Fauziah mengaku dirinya tidak punya tenaga marketing dalam menjalankan bisnis. Ia melakukan upaya “ketok pintu”. “Bangun brand di mana Anda touchable. Perlihatkan kepada orang sisi humanis,” pungkasnya.

4. Make it happen.

Gunakan rumus 3 C:
  • Clearity, mau bermanfaat buat orang lain. Make sure, misalnya mau bangun bisnis travel, tujuannya apa?
  • Commitment, “kejam pada diri sendiri”.
  • Consistency. Konsistensi, yang ini jelas, bukan? Di mana-mana, orang yang sukses pasti konsisten.


Winarni, owner Doubleyoucakes menceritakan tentang bisnis kue yang dibangunnya sejak tahun 2010. Alumnus Fakultas Teknik jurusan Teknik Arsitektur ini memang suka bikin kue. Baginya itu menyenangkan. Selain itu ia suka mendekorasi kue. Ia memutuskan resign dari pekerjaannya karena selalu terpikir membuat kue yang menarik saat di kantor bila ada pesanan kue. Winarni pun belajar serius, dan mendapatkan passion-nya.

Untuk memasarkan produknya, Winarni memanfaatkan media sosial dan membuat website sendiri. Salah satu cara yang ditempuh Winarni adalah belajar coding agar bisa mengelola website-nya sebaik mungkin.

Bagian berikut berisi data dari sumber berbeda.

Lemma bpos_abs_first w b : bpos_abs (true, b) w = bpos_rel (true, b) w 0.
Proof.
rewrite /bpos_abs /bpos_rel /= (all_filterP _) //.
by apply/allP => y; rewrite mem_filter mem_iota => /andP[_ /andP[]].
Qed.

Lemma bpos_abs_last w b : bpos_abs (false, b) w = bpos_rel (false, b) w (size w).+1.
Proof.
rewrite /bpos_abs /bpos_rel /= (all_filterP _) //.
by apply/allP => y; rewrite mem_filter mem_iota => /andP[_ /andP[_]]; rewrite add1n.
Qed.

Definition definable w k d :=
  exists r : ranker Sigma, ranker_len r <= k /\ ranker_eval r w = Some d.

Lemma definable_mono w k k' d : k <= k' -> definable w k d -> definable w k' d.
Proof. by move=> le_kk' [r [len_r eval_r]]; exists r; split=> //; lia. Qed.

Lemma definable_abs w k p d : 0 < k -> bpos_abs p w = Some d -> definable w k d.
Proof. by move=> k_gt0 abs_p; exists (p, [::]). Qed.

Lemma definable_rel w k p d d' :
  definable w k d -> bpos_rel p w d = Some d' -> definable w k.+1 d'.
Proof.
move=> [[p1 s] [len_r eval_r]] rel_p; exists (p1, rcons s p).
move: len_r eval_r; rewrite /ranker_len /ranker_eval /= size_rcons foldl_rcons.
by move=> ? ->.
Qed.

(* The twin is the last occurrence of the letter of x before the first
   position after x that is k-definable (or before the end of w). *)
Lemma definable_twin_right w k x : 0 < x <= size w ->
  exists e, [/\ x <= e <= size w, letter w e = letter w x, definable w k.+1 e
    & forall d, definable w k d -> order_type e d = order_type x d].
Proof.
move=> x_in; case: (classic (definable w k x)) => [def_x | undef_x].
  by exists x; split=> //; [lia | exact: definable_mono def_x].
have [b letter_x] := letter_in_range x_in.
have [|D [x_lt_D def_D] min_D] :=
  @ex_minn_classic (fun D => x < D /\ (D = (size w).+1 \/ definable w k D)).
  by exists (size w).+1; split; [lia | left].
have ex_b : exists y, (y < D) && (letter w y == Some b).
  by exists x; rewrite x_lt_D letter_x eqxx.
have ub_b : forall y, (y < D) && (letter w y == Some b) -> y <= D.
  by move=> y /andP[? _]; lia.
case: (ex_maxnP ex_b ub_b) => e /andP[e_lt_D /eqP letter_e] max_e.
have le_xe : x <= e by apply: max_e; rewrite x_lt_D letter_x eqxx.
have rel_D : bpos_rel (false, b) w D = Some e.
  apply: bpos_rel_prev => //; first lia.
  move=> y /andP[lt_ey lt_yD]; apply/negP => /eqP letter_y.
  by have := max_e y; rewrite lt_yD letter_y eqxx => /(_ isT); lia.
exists e; split.
- by have := letter_leq_size letter_e; lia.
- by rewrite letter_e letter_x.
- case: def_D => [D_end | def_D]; last exact: definable_rel def_D rel_D.
  by apply: (definable_abs (p := (false, b))); rewrite // bpos_abs_last -D_end.
- move=> d def_d; have min_d : x < d -> D <= d by move=> ?; apply: min_D; split; [|right].
  have: d <> x by move=> d_x; apply: undef_x; rewrite -d_x.
  by move=> ?; apply/order_typeP; lia.
Qed.

Lemma definable_twin_left w k x : 0 < x <= size w ->
  exists e, [/\ 0 < e <= x, letter w e = letter w x, definable w k.+1 e
    & forall d, definable w k d -> order_type e d = order_type x d].
Proof.
move=> x_in; case: (classic (definable w k x)) => [def_x | undef_x].
  by exists x; split=> //; [lia | exact: definable_mono def_x].
have [b letter_x] := letter_in_range x_in.
have [|D [le_Dx [D_lt_x def_D] max_D]] :=
  @ex_maxn_classic (fun D => D < x /\ (D = 0 \/ definable w k D)) x.
  by exists 0 => //; split; [lia | left].
have ex_b : exists y, (D < y) && (letter w y == Some b).
  by exists x; rewrite D_lt_x letter_x eqxx.
case: (ex_minnP ex_b) => e /andP[D_lt_e /eqP letter_e] min_e.
have le_ex : e <= x by apply: min_e; rewrite D_lt_x letter_x eqxx.
have rel_D : bpos_rel (true, b) w D = Some e.
  apply: bpos_rel_next => // y /andP[lt_Dy lt_ye]; apply/negP => /eqP letter_y.
  by have := min_e y; rewrite lt_Dy letter_y eqxx => /(_ isT); lia.
exists e; split.
- by lia.
- by rewrite letter_e letter_x.
- case: def_D => [D0 | def_D]; last exact: definable_rel def_D rel_D.
  by apply: (definable_abs (p := (true, b))); rewrite // bpos_abs_first -D0.
- move=> d def_d; have max_d : d < x -> d <= D.
    by move=> ?; apply: max_D; [lia | split; [|right]].
  have: d <> x by move=> d_x; apply: undef_x; rewrite -d_x.
  by move=> ?; apply/order_typeP; lia.
Qed.

End Rankers.

Section FO2Equivalence.
Variable Sigma : finType.
Implicit Types (w v : seq Sigma) (e : var -> nat).

(* One pebble pair sits on p and q; a round places the other pebble pair, and
   its order relative to p and q must agree. *)
Fixpoint fo2_equiv k w v p q : Prop :=
  letter w p = letter v q /\
  if k is k'.+1 then
    (forall p', 0 < p' <= size w -> exists q', [/\ 0 < q' <= size v,
       order_type p' p = order_type q' q & fo2_equiv k' w v p' q']) /\
    (forall q', 0 < q' <= size v -> exists p', [/\ 0 < p' <= size w,
       order_type p' p = order_type q' q & fo2_equiv k' w v p' q'])
  else True.

Lemma fo2_equiv_letter k w v p q : fo2_equiv k w v p q -> letter w p = letter v q.
Proof. by case: k => [|k] []. Qed.

Lemma fo2_equiv_sym k w v p q : fo2_equiv k w v p q -> fo2_equiv k v w q p.
Proof.
elim: k p q => [|k IHk] p q /= [letter_pq rest]; split=> //.
case: rest => forth back; split.
- move=> q' /back [p' [p'_in ord_p' equiv_p']].
  by exists p'; split; rewrite ?ord_p' //; exact: IHk.
- move=> p' /forth [q' [q'_in ord_q' equiv_q']].
  by exists q'; split; rewrite ?ord_q' //; exact: IHk.
Qed.

Lemma fo2_equivW k w v p q : fo2_equiv k.+1 w v p q -> fo2_equiv k w v p q.
Proof.
elim: k p q => [|k IHk] p q /= [letter_pq [forth back]]; split=> //; split.
- by move=> p' /forth [q' [? ? /IHk]]; exists q'.
- by move=> q' /back [p' [? ? /IHk]]; exists p'.
Qed.

Definition fo2_equiv_val k w v e e' :=
  (forall x, fo2_equiv k w v (e x) (e' x)) /\
  order_type (e VX) (e VY) = order_type (e' VX) (e' VY).

Lemma fo2_equiv_val_sym k w v e e' :
  fo2_equiv_val k w v e e' -> fo2_equiv_val k v w e' e.
Proof. by case=> equiv_e ord_e; split=> [x|]; [exact: fo2_equiv_sym | rewrite ord_e]. Qed.

Lemma fo2_equiv_val_order k w v e e' x y :
  fo2_equiv_val k w v e e' -> order_type (e x) (e y) = order_type (e' x) (e' y).
Proof.
case=> _ ord_e; case: x; case: y => //; try exact: order_type_refl.
exact: order_type_sym.
Qed.

Lemma fo2_equiv_val_upd k w v e e' x j : fo2_equiv_val k.+1 w v e e' ->
  0 < j <= size w -> exists j', 0 < j' <= size v /\
  fo2_equiv_val k w v (upd e x j) (upd e' x j').
Proof.
case=> equiv_e ord_e j_in.
have equivW_e z := fo2_equivW (equiv_e z).
case: x.
- have [_ [/(_ j j_in) [j' [j'_in ord_j equiv_j]] _]] := equiv_e VY.
  by exists j'; split=> //; split=> [[]|]; rewrite /upd //=; exact: equivW_e.
- have [_ [/(_ j j_in) [j' [j'_in ord_j equiv_j]] _]] := equiv_e VX.
  by exists j'; split=> //; split=> [[]|]; rewrite /upd //=; exact: order_type_sym.
Qed.

Lemma sat_fo2_equiv (f : form Sigma) k w v e e' : qdepth f <= k ->
  fo2_equiv_val k w v e e' -> sat w e f -> sat v e' f.
Proof.
elim: f k w v e e' => [||a x|x y|x y|g IHg|g IHg h IHh|g IHg h IHh|x g IHg|x g IHg]
  k w v e e' /= depth_f equiv_e //.
- by rewrite (fo2_equiv_letter (equiv_e.1 x)).
- by move: (fo2_equiv_val_order x y equiv_e); rewrite /order_type => -[->].
- exact: order_type_eq (fo2_equiv_val_order x y equiv_e).
- by move=> not_g sat_g; apply/not_g/(IHg _ _ _ _ _ depth_f (fo2_equiv_val_sym equiv_e)).
- by case=> ? ?; split; [apply: (IHg k w v e) | apply: (IHh k w v e)] => //; lia.
- by case=> ?; [left; apply: (IHg k w v e) | right; apply: (IHh k w v e)] => //; lia.
- case: k depth_f equiv_e => [|k] // depth_g equiv_e [j [j_in sat_g]].
  have [j' [j'_in equiv_j]] := fo2_equiv_val_upd x equiv_e j_in.
  by exists j'; split=> //; exact: IHg equiv_j sat_g.
- case: k depth_f equiv_e => [|k] // depth_g equiv_e sat_g j' j'_in.
  have [j [j_in equiv_j]] := fo2_equiv_val_upd x (fo2_equiv_val_sym equiv_e) j'_in.
  exact: IHg depth_g (fo2_equiv_val_sym equiv_j) (sat_g j j_in).
Qed.

Lemma models_fo2_equiv (f : form Sigma) k w v p q : qdepth f <= k ->
  fo2_equiv k w v p q -> models w p f -> models v q f.
Proof.
move=> depth_f equiv_pq; apply: sat_fo2_equiv depth_f _.
by split=> [_ //|]; exact: order_type_refl.
Qed.

End FO2Equivalence.

Section Stutter.
Variable Sigma : finType.
Implicit Types (w : seq Sigma).

Definition stutter w i := take i w ++ drop i.-1 w.

Lemma size_stutter w i : 0 < i <= size w -> size (stutter w i) = (size w).+1.
Proof. by move=> i_in; rewrite size_cat size_takel ?size_drop; lia. Qed.

Lemma letter_stutter w i q : 0 < i <= size w ->
  letter (stutter w i) q = letter w (unbump i q).
Proof.
move=> i_in; rewrite /letter /stutter map_cat nth_cat size_map size_takel; last lia.
rewrite /unbump; case: ltnP => [lt_qi | le_iq].
- by rewrite map_take nth_take //; congr nth; lia.
- by rewrite map_drop nth_drop; congr nth; lia.
Qed.

Lemma letter_stutter_bump w i d : 0 < i <= size w ->
  letter (stutter w i) (bump i.+1 d) = letter w d.
Proof. by move=> i_in; rewrite letter_stutter //; congr letter; rewrite /bump /unbump; lia. Qed.

Variables (w : seq Sigma) (i K : nat).
Hypotheses (i_in : 0 < i <= size w) (i_undef : ~ definable w K i).

Definition stutter_agree k p q :=
  letter w p = letter (stutter w i) q /\
  forall d, definable w k d -> order_type p d = order_type q (bump i.+1 d).

Lemma definable_neq k d : k <= K -> definable w k d -> d != i.
Proof.
move=> le_kK def_d; apply/eqP => d_i; apply: i_undef.
by rewrite -d_i; exact: definable_mono def_d.
Qed.

Lemma stutter_agreeW k p q : stutter_agree k.+1 p q -> stutter_agree k p q.
Proof. by case=> letter_pq ord_pq; split=> // d /(definable_mono (leqnSn k)) /ord_pq. Qed.

Lemma stutter_forth k p q p' : stutter_agree k.+1 p q ->
  0 < q <= size (stutter w i) -> 0 < p' <= size w ->
  exists q', [/\ 0 < q' <= size (stutter w i), order_type p' p = order_type q' q
    & stutter_agree k p' q'].
Proof.
move=> agree_pq q_in p'_in; have [_ ord_pq] := agree_pq.
have twin_agree e : letter w e = letter w p' ->
    (forall d, definable w k d -> order_type e d = order_type p' d) ->
    stutter_agree k p' (bump i.+1 e).
  move=> letter_e ord_e; split=> [|d def_d].
    by rewrite letter_stutter_bump // letter_e.
  by rewrite order_type_bump ord_e.
have bump_in e : 0 < e <= size w -> 0 < bump i.+1 e <= size (stutter w i).
  by rewrite size_stutter // /bump; lia.
case: (ltngtP p p') => [lt_pp' | lt_p'p | <-].
- have [e [e_in letter_e def_e ord_e]] := definable_twin_right k p'_in.
  exists (bump i.+1 e); split; [apply: bump_in; lia | | exact: twin_agree].
  by move/order_typeP: (ord_pq e def_e) => ?; apply/order_typeP; lia.
- have [e [e_in letter_e def_e ord_e]] := definable_twin_left k p'_in.
  exists (bump i.+1 e); split; [apply: bump_in; lia | | exact: twin_agree].
  by move/order_typeP: (ord_pq e def_e) => ?; apply/order_typeP; lia.
- exists q; split=> //; [exact: order_type_refl | exact: stutter_agreeW].
Qed.

Lemma stutter_back k p q q' : k < K -> stutter_agree k.+1 p q ->
  0 < p <= size w -> 0 < q' <= size (stutter w i) ->
  exists p', [/\ 0 < p' <= size w, order_type p' p = order_type q' q
    & stutter_agree k p' q'].
Proof.
move=> lt_kK agree_pq p_in q'_in; have [_ ord_pq] := agree_pq.
set x := unbump i q'.
have x_in : 0 < x <= size w by move: q'_in; rewrite size_stutter // /x /unbump; lia.
have twin_agree e : letter w e = letter w x ->
    (forall d, definable w k d -> order_type e d = order_type x d) ->
    stutter_agree k e q'.
  move=> letter_e ord_e; split=> [|d def_d].
    by rewrite letter_stutter // letter_e.
  by rewrite order_type_unbump ?(definable_neq (ltnW lt_kK) def_d) // ord_e.
case: (ltngtP q q') => [lt_qq' | lt_q'q | <-].
- have [e [e_in letter_e def_e ord_e]] := definable_twin_right k x_in.
  have ord_q'e := order_type_unbump q' (definable_neq lt_kK def_e).
  exists e; split; [lia | | exact: twin_agree].
  move/order_typeP: (ord_pq e def_e) => ?; move/order_typeP: ord_q'e => ?.
  by apply/order_typeP; lia.
- have [e [e_in letter_e def_e ord_e]] := definable_twin_left k x_in.
  have ord_q'e := order_type_unbump q' (definable_neq lt_kK def_e).
  exists e; split; [lia | | exact: twin_agree].
  move/order_typeP: (ord_pq e def_e) => ?; move/order_typeP: ord_q'e => ?.
  by apply/order_typeP; lia.
- exists p; split=> //; [exact: order_type_refl | exact: stutter_agreeW].
Qed.

Lemma stutter_fo2_equiv k p q : k <= K ->
  0 < p <= size w -> 0 < q <= size (stutter w i) -> stutter_agree k p q ->
  fo2_equiv k w (stutter w i) p q.
Proof.
elim: k p q => [|k IHk] p q le_kK p_in q_in agree_pq;
  have [letter_pq _] := agree_pq; split=> //.
split=> [p' p'_in | q' q'_in].
- have [q' [q'_in ord_q' agree_q']] := stutter_forth agree_pq q_in p'_in.
  by exists q'; split=> //; apply: IHk => //; exact: ltnW.
- have [p' [p'_in ord_p' agree_p']] := stutter_back le_kK agree_pq p_in q'_in.
  by exists p'; split=> //; apply: IHk => //; exact: ltnW.
Qed.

Ia merasakan manfaat dari cara-cara yang ditempuhnya dengan mendapatkan market dari luar Makassar.

Pertanyaan mengenai bagaimana menghadapi orang yang meniru produknya, Winarni mengatakan bahwa itu menjadi sebuah hal yang harus disikapi dengan terus berinovasi. “Tidak usah takut ditiru,” tandas ibu satu anak yang juga aktif sebagai blogger ini.

Menghadapi pertanyaan dari moderator mengenai kesulitan terbesar yang dihadapinya, Winarni mengatakan bahwa dalam bermain online, harus siap 24 jam 7 hari. Dunia online marketing terus bekembang jadi tantangannya harus terus belajar, misalnya dengan rajin googling. Harus mencari tahu apa yang terbaru di online marketing juga.

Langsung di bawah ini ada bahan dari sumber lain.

Lemma compact_finI_bigcap (X : topologicalType) (A : choiceType) (D : set A)
    (f : A -> set X) :
  compact [set: X] -> (forall a, D a -> closed (f a)) -> finI D f ->
  \bigcap_(a in D) f a !=set0.
Proof.
move=> Xcpt fcl fin; pose F := filter_from (finI_from D f) id.
have FF : ProperFilter F := finI_filter fin.
have [x [_ x_cluster]] := Xcpt F FF filterT.
exists x => a Da; have -> : f a = closure (f a) by apply/closure_id/fcl.
move=> B xB; apply: x_cluster xB; exists (f a) => //; exact: finI_from1.
Qed.

Section UltrafilterPoint.
Variables (R : realType) (T : choiceType) (t0 : T) (I : nat -> {fset T}).
Hypothesis Inest : forall n, (I n `<=` I n.+1)%fset.
Hypothesis Icover : forall t : T, exists n, t \in I n.
Variables (W : topologicalType) (m : (nat -> R) -> W -> R).
Hypothesis Wcpt : compact [set: W].
Hypothesis hm : sequence_measure_function I m.
Variable p : set_system nat.
Hypothesis hp : free_ultrafilter p.
Implicit Types (x : nat -> R).

Local Notation card_I := (card_I R I).
Local Notation iseq := (iseq R I).
Local Notation ratio x := (fun n => x n / card_I n).

#[local] Instance free_ultrafilter_ProperFilter : ProperFilter p := free_ultrafilter_proper hp.

Lemma card_I_gt0_ultra : p [set n | 0 < card_I n].
Proof.
have [n0 t0_In0] := Icover t0.
have I_mono := homo_leq (@fsubset_refl _) (@fsubset_trans _) Inest.
apply: filterS (free_ultrafilter_ge hp n0) => n /= /I_mono/fsubsetP/(_ t0 t0_In0) t0_In.
by rewrite ltr0n cardfs_gt0; apply/fset0Pn; exists t0.
Qed.

Let c x := lim (ratio x @ p).

Lemma ratio_cvg x : XR I x -> ratio x @ p --> c x.
Proof. by move=> /(XR_ratio_bound Inest)[B xB]; have := ultra_bounded_cvg hp.1 xB. Qed.

Lemma exists_m_lt x l d : XR I x -> ratio x @ p --> l -> l < d ->
  exists w, m x w < d.
Proof.
move=> hx xl ld; apply: contrapT => /forallNP m_ge; pose e := (d - l) / 2.
have e_gt0 : 0 < e by rewrite divr_gt0 ?subr_gt0.
have : seq_le I (fun n => d * iseq n) x.
  apply/(m_le_seq_le hm (XR_scale d (XR_iseq R Inest)) hx) => w.
  by rewrite (m_iseq_scale Inest hm) leNgt; apply/negP/m_ge.
have far : p [set n | (x n - d * iseq n) / card_I n <= - e].
  apply: filterS (filterI card_I_gt0_ultra ((cvgrPdist_lt _ _).1 xl e e_gt0)).
  move=> n /= [cn_gt0]; rewrite ltr_distlC => /andP[_ xn_lt].
  rewrite mulrBl /iseq -mulrA divff ?gt_eqF // mulr1 /e.
  rewrite /e in xn_lt; lra.
rewrite /seq_le leNgt => /negP; apply; apply: le_lt_trans (_ : (- e)%:E < 0)%E.
  exact/limn_einf_le_frequently/(free_ultrafilter_frequently hp far).
by rewrite lte_fin oppr_lt0.
Qed.

Let dev x n := `|x n - c x * iseq n|.

Lemma XR_dev x : XR I x -> XR I (dev x).
Proof. by move=> hx; exact/XR_norm/(XR_sub hx)/XR_scale/(XR_iseq R Inest). Qed.

Lemma ratio_dev_cvg0 x : XR I x -> ratio (dev x) @ p --> 0.
Proof.
move=> hx; have dev_lim : (fun n => `|x n / card_I n - c x|) @ p --> `|c x - c x|.
  by apply: cvg_norm; apply: cvgB (ratio_cvg hx) (cvg_cst _).
rewrite subrr normr0 in dev_lim; apply: (cvg_trans _ dev_lim); apply: near_eq_cvg.
apply: filterS card_I_gt0_ultra => n /= cn_gt0.
have -> : x n / card_I n - c x = (x n - c x * card_I n) / card_I n.
  by rewrite mulrBl -mulrA divff ?gt_eqF ?mulr1.
by rewrite normrM normfV (gtr0_norm cn_gt0).
Qed.

Lemma dev_le_sum (s : seq (nat -> R)) x n :
  x \in s -> dev x n <= \sum_(y <- s) dev y n.
Proof.
move=> xs; rewrite (big_rem x xs) /= lerDl.
by apply: sumr_ge0 => y _; exact: normr_ge0.
Qed.

Lemma norm_m_sub_le_dev x w : XR I x -> `|m x w - c x| <= m (dev x) w.
Proof.
move=> hx; have hi := XR_scale (c x) (XR_iseq R Inest).
rewrite -[X in m x w - X](m_iseq_scale Inest hm (c x) w) -(m_sub hm) //.
exact/(m_norm hm)/XR_sub.
Qed.

Lemma exists_common_point (s : seq (nat -> R)) :
  (forall x, x \in s -> XR I x) -> exists w, forall x, x \in s -> m x w = c x.
Proof.
move=> sXR; pose g n := \sum_(x <- s) dev x n.
have hg : XR I g by apply: (XR_sum Inest) => x /sXR /XR_dev.
have g_lim : ratio g @ p --> 0.
  under eq_fun do rewrite /g mulr_suml.
  by apply: cvg_sum_seq0 => x /sXR; exact: ratio_dev_cvg0.
have m_g_ge0 w : 0 <= m g w.
  rewrite -(m_iseq_scale Inest hm 0 w).
  apply: (m_mono hm (XR_scale 0 (XR_iseq R Inest)) hg) => n.
  by rewrite mul0r; apply: sumr_ge0 => y _; exact: normr_ge0.
have [w0 _] := exists_m_lt hg g_lim ltr01.
have m_g_cont : continuous (m g) := proj1 hm g hg.
have [w _ w_min] :=
  compact_EVT_min (ex_intro _ w0 Logic.I) Wcpt (continuous_subspaceT m_g_cont).
have m_g_w : m g w = 0.
  apply/le_anti; rewrite m_g_ge0 andbT; apply/ler_addgt0Pr => e e_gt0.
  have [w' m_g_w'] := exists_m_lt hg g_lim e_gt0.
  by rewrite add0r; apply: le_trans (ltW m_g_w'); apply: w_min; rewrite inE.
exists w => x xs; have hx := sXR x xs.
apply/eqP; rewrite -subr_eq0 -normr_le0 -m_g_w.
apply: le_trans (norm_m_sub_le_dev w hx) _.
by apply: (m_mono hm (XR_dev hx) hg) => n; exact: dev_le_sum.
Qed.

End UltrafilterPoint.

Theorem theorem5p22 (R : realType) (T : choiceType) (t0 : T)
  (I : nat -> {fset T})
  (Inest : forall n, (I n `<=` I n.+1)%fset)
  (Icover : forall t : T, exists n, t \in I n)
  (W : topologicalType) (Wcpt : compact [set: W]) (Whaus : hausdorff_space W)
  (m : (nat -> R) -> W -> R) (hm : sequence_measure_function I m)
  (p : set_system nat) (hp : free_ultrafilter p) :
  exists wp : W, forall x : nat -> R, XR (R:=R) I x ->
    plim p (fun n => x n / card_I R I n) (m x wp).
Proof.
have pF := free_ultrafilter_proper hp.
pose c x := lim ((fun n => x n / card_I R I n) @ p).
have [w wc] : \bigcap_(x in XR I) (m x @^-1` [set c x]) !=set0.
  apply: (compact_finI_bigcap Wcpt) => [x hx|D D_XR].
    have m_x_cont : continuous (m x) := proj1 hm x hx.
    by move: ((continuous_closedP (m x)).1 m_x_cont [set c x]); apply; exact: closed_eq.
  have [|w wD] := exists_common_point t0 Inest Icover Wcpt hm hp (s := D).
    by move=> x /D_XR; rewrite inE.
  by exists w => x /wD.
exists w => x hx; apply/plimP; rewrite (wc x hx).
by have := ratio_cvg Inest hp hx.
Qed.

Kiri - kanan: Cheeqa Rahmat, Wahyuni Amiruddin, Winarni, dan Fauziah Zulfitri
Sumber foto: fanpage IKIKU

Wahyuni, founder Ikiku Food memulai usahanya dengan mencari cara agar “pisang ijo bisa dibawa-bawa”. Perempuan yang berlatar belakang pendidikan Teknik Informatika ini memanfaatkan media sosial dalam memasarkan produknya. Terhadap peniru, sama seperti Winarni, Wahyuni juga tidak memiliki kekhawatiran dalam menyikapinya. Kesulitan terbesar menurutnya adalah saat memulai. 

Winarni dan Wahyuni adalah contoh perempuan produktif yang mampu berkarya melalui passion-nya. Fauziah mengakhiri sesi ini dengan menjelaskan mengenai PASSION (LENTERA JIWA). Passion adalah hal yang dikerjakan dengan sepenuh hati. Tidak peduli berapa banyak uang dikeluarkan, tidak memikirkan diri sendiri, kadang-kadang tidak peduli kesehatan juga. “Kalau bicara passion, kita bicara tentang apa yang mau kita kobankan untuk passion itu. Bekerja karena passion, kita seperti tidak bekerja terhalang waktu,” imbuh Fauziah.

“Banyak orang bekerja seperti zombie,” ujar Fauziah saat menjelaskan bahwa orang-orang yang tidak mengerjakan hal-hal yang bukan passion-nya tampak seperti zombie saking tidak bersemangatnya. Saya suka sekali kalimat-kalimat yang diucapkan Fauziah berikut: “Passion tidak harus jadi pengusaha. Ada orang yang passion-nya jadi pelayan.”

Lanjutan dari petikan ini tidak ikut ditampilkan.